Cerebellar dysfunction and its compensation in presymptomatic carriers of dominant ataxia genes

The dominant spinocerebellar ataxias (SCAs) are a clinically and genetically
heterogeneous group of degenerative cerebellar diseases. There are family
members of SCA patients who have been tested positive for a gene mutation but
who do not yet have any symptoms, which they are however prone to develop at
some point as the mutations are fully penetrant. These so-called presymptomatic
carriers offer a unique opportunity to study the early, subclinical stages of
cerebellar dysfunction, as well as the consequences and the compensation
thereof within the motor system.

This project has three separate but complementary research objectives. First,
to find out whether there is indeed evidence of subclinical cerebellar
dysfunction in these subjects, by specifically focusing on cerebellar motor
learning. Second, to investigate whether the presumed latently defective
cerebellum has already led to altered functional and structural coupling
between the cerebellum and the motor cortex in these subjects. Third, to
explore the compensatory mechanisms in these individuals that allow them to
circumvent their latent cerebellar motor disturbance.

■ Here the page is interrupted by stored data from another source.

(* If $G$ and $H$ are finite simple graphs without isolated vertices that are both efficient open domination graphs, then $\gamma_{tR}(G\times H)\le 2\rho_o(G)\rho_o(H)$.
   Context: An open packing of $G$ is a set $D$ of vertices with $N(u)\cap N(v)=\emptyset$ for all distinct $u,v\in D$ (open neighborhoods); $\rho_o(G)$ is the maximum size of an open packing. A set $D$ is total dominating if every vertex of $G$ has a neighbor in $D$. $G$ is an efficient open domination graph if it has a total dominating set that is also an open packing. A total Roman dominating function on $G$ is a map $f:V(G)\to\{0,1,2\}$ such that every vertex with label 0 has a neighbor with label 2 and the subgraph induced by vertices with positive labels has no isolated vertices; $\gamma_{tR}(G)$ is the minimum of $\sum_v f(v)$ over such $f$. The direct product $G\times H$ has vertex set $V(G)\times V(H)$, with $(g,h)(g',h')$ an edge iff $gg'\in E(G)$ and $hh'\in E(H)$. *)

(* A finite simple graph is a symmetric irreflexive
   relation e : rel T on a finType T (vertex set = all of T). *)
From mathcomp Require Import all_boot.
Set Implicit Arguments. Unset Strict Implicit. Unset Printing Implicit Defensive.

Section Graphs.
Variable T : finType.
Implicit Types (e : rel T) (D : {set T}).

Definition simple_graph e := symmetric e /\ irreflexive e.

Definition no_isolated e := forall v : T, exists u : T, e v u.

Definition oneigh e (v : T) : {set T} := [set u | e v u].

Definition open_packing e D : bool :=
  [forall u in D, forall v in D, (u != v) ==> [disjoint oneigh e u & oneigh e v]].

Definition rho_o e : nat := \max_(D : {set T} | open_packing e D) #|D|.

Definition total_dominating e D : bool :=
  [forall v, exists u in D, e v u].

Definition efficient_open_domination e : Prop :=
  exists D : {set T}, total_dominating e D && open_packing e D.

Definition is_TRDF e (f : {ffun T -> 'I_3}) : bool :=
  [forall v, (val (f v) == 0) ==> [exists u, e v u && (val (f u) == 2)]] &&
  [forall v, (0 < val (f v)) ==> [exists u, e v u && (0 < val (f u))]].

Definition weight (f : {ffun T -> 'I_3}) : nat := \sum_(v : T) val (f v).

(* The default 2*|V| is the weight
   of the constant-2 function, which is a TRDF whenever G has no isolated
   vertices, so the default never affects the value in that case. *)
Definition gamma_tR e : nat :=
  \big[minn/(2 * #|T|)]_(f : {ffun T -> 'I_3} | is_TRDF e f) weight f.

End Graphs.

Definition direct_prod (T1 T2 : finType) (e1 : rel T1) (e2 : rel T2)
  : rel (T1 * T2)%type :=
  fun p q => e1 p.1 q.1 && e2 p.2 q.2.

From mathcomp Require Import all_boot.

Set Implicit Arguments.
Unset Strict Implicit.
Unset Printing Implicit Defensive.

(* If D1 and D2 are efficient open dominating sets of G and H,
   then D1 x D2 totally dominates G x H, so labelling it by 2 and every other
   vertex by 0 is a total Roman dominating function of weight 2|D1||D2|; and
   D1, D2, being open packings, have at most rho_o(G), rho_o(H) vertices. *)

Lemma geq_bigmin_cond (I : finType) (P : pred I) (F : I -> nat) x j :
  P j -> \big[minn/x]_(i | P i) F i <= F j.
Proof.
move=> Pj; rewrite -big_filter.
have : j \in filter P (index_enum I) by rewrite mem_filter Pj mem_index_enum.
elim: (filter P _) => [//|i s IHs]; rewrite inE big_cons => /predU1P [-> | js].
  exact: geq_minl.
exact: leq_trans (geq_minr _ _) (IHs js).
Qed.

Section TotalDomination.

Variable T : finType.
Implicit Types (e : rel T) (D : {set T}).

Definition twice_indicator D : {ffun T -> 'I_3} :=
  [ffun v => if v \in D then inord 2 else ord0].

Lemma twice_indicatorE D v : val (twice_indicator D v) = 2 * (v \in D).
Proof. by rewrite ffunE; case: (v \in D) => //=; rewrite inordK. Qed.

Lemma weight_twice_indicator D : weight (twice_indicator D) = 2 * #|D|.
Proof.
rewrite /weight; under eq_bigr => v _ do rewrite twice_indicatorE.
rewrite mulnC -sum_nat_const [RHS]big_mkcond /=.
by apply: eq_bigr => v _; case: (v \in D).
Qed.

(* Every vertex, labelled 0 or not, has a neighbour in D, which is labelled 2. *)
Lemma is_TRDF_twice_indicator e D :
  total_dominating e D -> is_TRDF e (twice_indicator D).
Proof.
move=> /forallP totD.
have nbr2 v : [exists u, e v u && (val (twice_indicator D u) == 2)].
  have /existsP [u /andP [uD evu]] := totD v.
  by apply/existsP; exists u; rewrite evu twice_indicatorE uD.
apply/andP; split; apply/forallP => v; apply/implyP => _;
  have /existsP [u /andP [evu /eqP fu2]] := nbr2 v;
  by apply/existsP; exists u; rewrite evu fu2.
Qed.

Lemma gamma_tR_le_total_dominating e D :
  total_dominating e D -> gamma_tR e <= 2 * #|D|.
Proof.
move=> /is_TRDF_twice_indicator trdf.
by rewrite -weight_twice_indicator; apply: geq_bigmin_cond.
Qed.

Lemma open_packing_card_le_rho_o e D : open_packing e D -> #|D| <= rho_o e.
Proof. exact: (leq_bigmax_cond (F := fun D => #|D|)). Qed.

End TotalDomination.

Lemma total_dominating_setX (T1 T2 : finType) (e1 : rel T1) (e2 : rel T2)
    (D1 : {set T1}) (D2 : {set T2}) :
  total_dominating e1 D1 -> total_dominating e2 D2 ->
  total_dominating (direct_prod e1 e2) (setX D1 D2).
Proof.
move=> /forallP totD1 /forallP totD2; apply/forallP => -[g h].
have /existsP [g' /andP [g'D1 eg]] := totD1 g.
have /existsP [h' /andP [h'D2 eh]] := totD2 h.
by apply/existsP; exists (g', h'); rewrite in_setX g'D1 h'D2 /direct_prod /= eg eh.
Qed.

Theorem corollary2p5 (T1 T2 : finType) (e1 : rel T1) (e2 : rel T2) :
  simple_graph e1 -> simple_graph e2 ->
  no_isolated e1 -> no_isolated e2 ->
  efficient_open_domination e1 -> efficient_open_domination e2 ->
  gamma_tR (direct_prod e1 e2) <= 2 * rho_o e1 * rho_o e2.
Proof.
move=> _ _ _ _ [D1 /andP [totD1 packD1]] [D2 /andP [totD2 packD2]].
apply: leq_trans (gamma_tR_le_total_dominating (total_dominating_setX totD1 totD2)) _.
by rewrite cardsX mulnA leq_mul ?leq_mul2l ?open_packing_card_le_rho_o.
Qed.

Cross-sectional, observational study with a strong neurophysiological and
neuroimaging emphasis.

For objective 1:
Two implicit motor learning tasks will be used: 1) the classic and
well-established eye blink conditioning, and 2) the adaptation to a rather
novel, highly demanding gait task on a splitbelt treadmill, which forces the
cerebellum to adapt to a different speed for left and right leg.

For objective 2:
The functional coupling will be studied by using transcranial magnetic
stimulation to search for changes in motor cortex excitability and the
cerebellar modulation thereof. The structural integrity of the
cerebello-thalamo-cortical pathway will be quantified by means of diffusion
tensor imaging (DTI) MRI.

For objective 3:
This issue will be tackled by using a functional MRI paradigm that involves
motor imagery of gait, which is able to show which cerebral networks are
differentially engaged in gait control.

The participants will undergo several experiments, with a combined duration of
approximately 12 hours, spread out over three days. None of the experiments are
painful or invasive.

There is a small risk of a seizure during the transcranial magnetic stimulation
session, but this has been proven to be almost negligibly low over the recent
years. The more relevant issue to mention here is the scenario that the SCA
mutation carrier thinks that he/she is still unaffected, but that the clinical
examination reveals subtle signs, indicating that the disease has started. The
potential participants will repeatedly be reminded of this before consent is
obtained and also before the actual clinical examination. If someone
unexpectedly turns out to be symtomatic, he/she is offered to be follow-up in
our Ataxia outpatient clinic.

Still, investigating these subjects is of great importance. The results of this
project will give us new and unique fundamental insight into the
characteristics of a very early-stage cerebellar defect and the consequences
this has for a central pathway within the motor system. Also, understanding the
mechanisms that compensate for a dysfunctional cerebellum is essential when
starting to think about potential targets for neuromodulatory interventions.